Adopting plans for a canal tunnel through the mountain first suggested in the 1820s, entrepreneurs — most prominently Alvah Crocker, a paper mill owner and local politician in Fitchburg, Massachusetts — petitioned the state for a rail company charter that would allow the company to instead dig a path through the Hoosac Range for a railroad.

Incorporated June 1, 1848, the Troy and Greenfield Railroad received permission to build a line from Greenfield, Massachusetts, to Troy, New York. Per its charter, the company had a capital stock limit of $3.5 million, but fundraising proved challenging. By 1851, the company requested $2 million from the state — money that would not come through for three more years.

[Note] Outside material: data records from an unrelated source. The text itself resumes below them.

Definition plus_code : code := CPrimRec (CProj 0) (app1 CSucc (CProj 1)).
Definition mult_code : code := CPrimRec CZero (app2 plus_code (CProj 1) (CProj 2)).
Definition pred_code : code := CPrimRec CZero (CProj 0).
Definition monus_code : code := CPrimRec (CProj 0) (app1 pred_code (CProj 1)).
Definition sg_code : code := CPrimRec CZero (cnat 1).
Definition pow2_code : code := CPrimRec (cnat 1) (app2 plus_code (CProj 1) (CProj 1)).

Lemma ev_plus_code n x : eval plus_code [n; x] (n + x).
Proof.
  induction n.
  - apply ev_prim0. ev_proj.
  - eapply ev_primS; [exact IHn|]. eapply ev_app1; [ev_proj | constructor].
Qed.

Lemma ev_mult_code n x : eval mult_code [n; x] (n * x).
Proof.
  induction n.
  - apply ev_prim0. constructor.
  - eapply ev_primS; [exact IHn|]. eapply ev_app2; [ev_proj | ev_proj |].
    cbn. rewrite Nat.add_comm. apply ev_plus_code.
Qed.

Lemma ev_pred_code n : eval pred_code [n] (Nat.pred n).
Proof.
  induction n.
  - apply ev_prim0. constructor.
  - eapply ev_primS; [exact IHn | ev_proj].
Qed.

Lemma ev_monus_code n x : eval monus_code [n; x] (x - n).
Proof.
  induction n.
  - apply ev_prim0. eapply ev_proj_eq; cbn; [lia | now rewrite Nat.sub_0_r].
  - eapply ev_primS; [exact IHn|]. eapply ev_app1; [ev_proj|].
    replace (x - S n)%nat with (Nat.pred (x - n)) by lia. apply ev_pred_code.
Qed.

Lemma ev_sg_code n : eval sg_code [n] (Nat.min n 1).
Proof.
  induction n.
  - apply ev_prim0. constructor.
  - eapply ev_primS; [exact IHn|]. replace (Nat.min (S n) 1) with 1%nat by lia. apply ev_cnat.
Qed.

Lemma ev_pow2_code n : eval pow2_code [n] (2 ^ n).
Proof.
  induction n.
  - apply ev_prim0. apply ev_cnat.
  - eapply ev_primS; [exact IHn|]. eapply ev_app2; [ev_proj | ev_proj |].
    cbn. rewrite Nat.add_0_r. apply ev_plus_code.
Qed.

Definition cplus (e1 e2 : code) : code := app2 plus_code e1 e2.
Definition cmult (e1 e2 : code) : code := app2 mult_code e1 e2.
Definition cmonus (e1 e2 : code) : code := app2 monus_code e2 e1.
Definition csg (e : code) : code := app1 sg_code e.
Definition cpow2 (e : code) : code := app1 pow2_code e.
Definition csucc (e : code) : code := app1 CSucc e.

Lemma ev_cplus e1 e2 v x y z : eval e1 v x -> eval e2 v y -> z = (x + y)%nat ->
  eval (cplus e1 e2) v z.
Proof. intros H1 H2 ->. eapply ev_app2; eauto using ev_plus_code. Qed.

Lemma ev_cmult e1 e2 v x y z : eval e1 v x -> eval e2 v y -> z = (x * y)%nat ->
  eval (cmult e1 e2) v z.
Proof. intros H1 H2 ->. eapply ev_app2; eauto using ev_mult_code. Qed.

Lemma ev_cmonus e1 e2 v x y z : eval e1 v x -> eval e2 v y -> z = (x - y)%nat ->
  eval (cmonus e1 e2) v z.
Proof. intros H1 H2 ->. eapply ev_app2; eauto using ev_monus_code. Qed.

Lemma ev_csg e v x z : eval e v x -> z = Nat.min x 1 -> eval (csg e) v z.
Proof. intros H ->. eapply ev_app1; eauto using ev_sg_code. Qed.

Lemma ev_cpow2 e v x z : eval e v x -> z = (2 ^ x)%nat -> eval (cpow2 e) v z.
Proof. intros H ->. eapply ev_app1; eauto using ev_pow2_code. Qed.

Lemma ev_csucc e v x z : eval e v x -> z = S x -> eval (csucc e) v z.
Proof. intros H ->. eapply ev_app1; [exact H | constructor]. Qed.

Ltac ev_expr :=
  repeat first
    [ apply ev_cnat | eapply ev_cplus | eapply ev_cmult | eapply ev_cmonus | eapply ev_csg
    | eapply ev_cpow2 | eapply ev_csucc | ev_proj | eassumption | reflexivity ].

Definition bsum_code (c : code) : code :=
  CPrimRec CZero (cplus (CProj 1) (app2 c (CProj 0) (CProj 2))).

Lemma ev_bsum_code c p (Q : nat -> Prop) :
  (forall i, exists z, eval c [i; p] z /\ ((0 < z)%nat <-> Q i)) ->
  forall n, exists y, eval (bsum_code c) [n; p] y /\
    ((0 < y)%nat <-> exists i, (i < n)%nat /\ Q i).
Proof.
  intros Hc n. induction n as [|n (y & Hy & Hiff)].
  - exists 0%nat. split; [apply ev_prim0; constructor|].
    split; [lia | intros (i & Hi & _); lia].
  - destruct (Hc n) as (z & Hz & Hziff). exists (y + z)%nat. split.
    + eapply ev_primS; [exact Hy|]. eapply ev_cplus; [ev_proj | | reflexivity].
      eapply ev_app2; [ev_proj | ev_proj | exact Hz].
    + split.
      * intros Hpos. destruct (Nat.eq_dec z 0) as [->|Hz0].
        -- destruct (proj1 Hiff ltac:(lia)) as (i & Hi & HQ). exists i. split; [lia | exact HQ].
        -- exists n. split; [lia | apply Hziff; lia].
      * intros (i & Hi & HQ). destruct (Nat.eq_dec i n) as [->|Hin].
        -- apply Hziff in HQ. lia.
        -- assert (0 < y)%nat by (apply Hiff; exists i; split; [lia | exact HQ]). lia.
Qed.

(** * Encoding of situations *)

Lemma enc_sit_snoc s x : enc_sit (s ++ [x]) = (2 * enc_sit s + Nat.b2n x)%nat.
Proof. unfold enc_sit. rewrite fold_left_app. now destruct x. Qed.

Lemma enc_sit_range s : (2 ^ length s <= enc_sit s < 2 ^ S (length s))%nat.
Proof.
  induction s as [|x s IH] using rev_ind; [cbn; lia|].
  rewrite enc_sit_snoc, length_app, Nat.add_1_r. cbn [Nat.pow] in *. destruct x; cbn; lia.
Qed.

Lemma enc_sit_lt_pow2 s N : (enc_sit s < 2 ^ N)%nat <-> (length s < N)%nat.
Proof.
  pose proof (enc_sit_range s) as Hs. split; intros Hlt.
  - destruct (Nat.lt_ge_cases (length s) N) as [|Hge]; [assumption|].
    pose proof (Nat.pow_le_mono_r 2 N (length s) ltac:(lia) Hge). lia.
  - pose proof (Nat.pow_le_mono_r 2 (S (length s)) N ltac:(lia) Hlt). lia.
Qed.

Lemma enc_sit_length s n : (2 ^ n <= enc_sit s < 2 ^ S n)%nat -> length s = n.
Proof.
  intros [Hlo Hhi]. apply enc_sit_lt_pow2 in Hhi.
  assert (~ (length s < n)%nat) by (rewrite <- enc_sit_lt_pow2; lia). lia.
Qed.

Lemma enc_sit_inj s s' : enc_sit s = enc_sit s' -> s = s'.
Proof.
  intros H. assert (Hl : length s = length s').
  { apply enc_sit_length. rewrite H. apply enc_sit_range. }
  revert s' H Hl. induction s as [|x s IH] using rev_ind;
    intros s' H Hl; destruct s' as [|x' s' _] using rev_ind; auto;
    rewrite ?length_app in Hl; cbn in Hl; try lia.
  rewrite !enc_sit_snoc in H.
  assert (x = x') as <- by (destruct x, x'; cbn in H; auto; lia).
  f_equal. apply IH; lia.
Qed.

As the company waited for state support, efforts to cut a hole through the Hoosac Mountain began with Charles Wilson’s creation known as the Excavator — a nearly 100-ton, cast iron boring machine meant to cut away the entire tunnel circumference with its 25 ft wide cutting wheel, according to Andrew R. Black in his book Buried Dreams: The Hoosac Tunnel and the Demise of the Railroad Age. However, after boring 10 ft into the tunnel during a trial run, the machine froze and had to be scrapped, setting an ominous tone for the rest of the construction. The company’s first chief engineer, A.F. Edwards, left soon after the equipment failed.

In the Excavator’s place came manual labor. Workers operated in teams of two or three. One person would swing a hammer to jam a drill into the rock, while another would twist the drill after each hammer strike. After the holes were 2-3 ft deep, workers would load them with black powder and then light a fuse to blast the rock away. Mules would then haul the blasted rock out of the tunnel.

Crews worked on the eastern and western portals of the tunnel simultaneously, with the latter posing more of a construction challenge. The stone on the west end, often referred to as “porridge stone,” consisted of quicksand, clay, and rock that disintegrated quickly, according to Black. The work was slow going and deadly for the crews made up mostly of Irish immigrants. Between 1820 and 1860, a third of new immigrants to the U.S. were from Ireland, and with Boston as a common entry city, people often searched for jobs in the surrounding area.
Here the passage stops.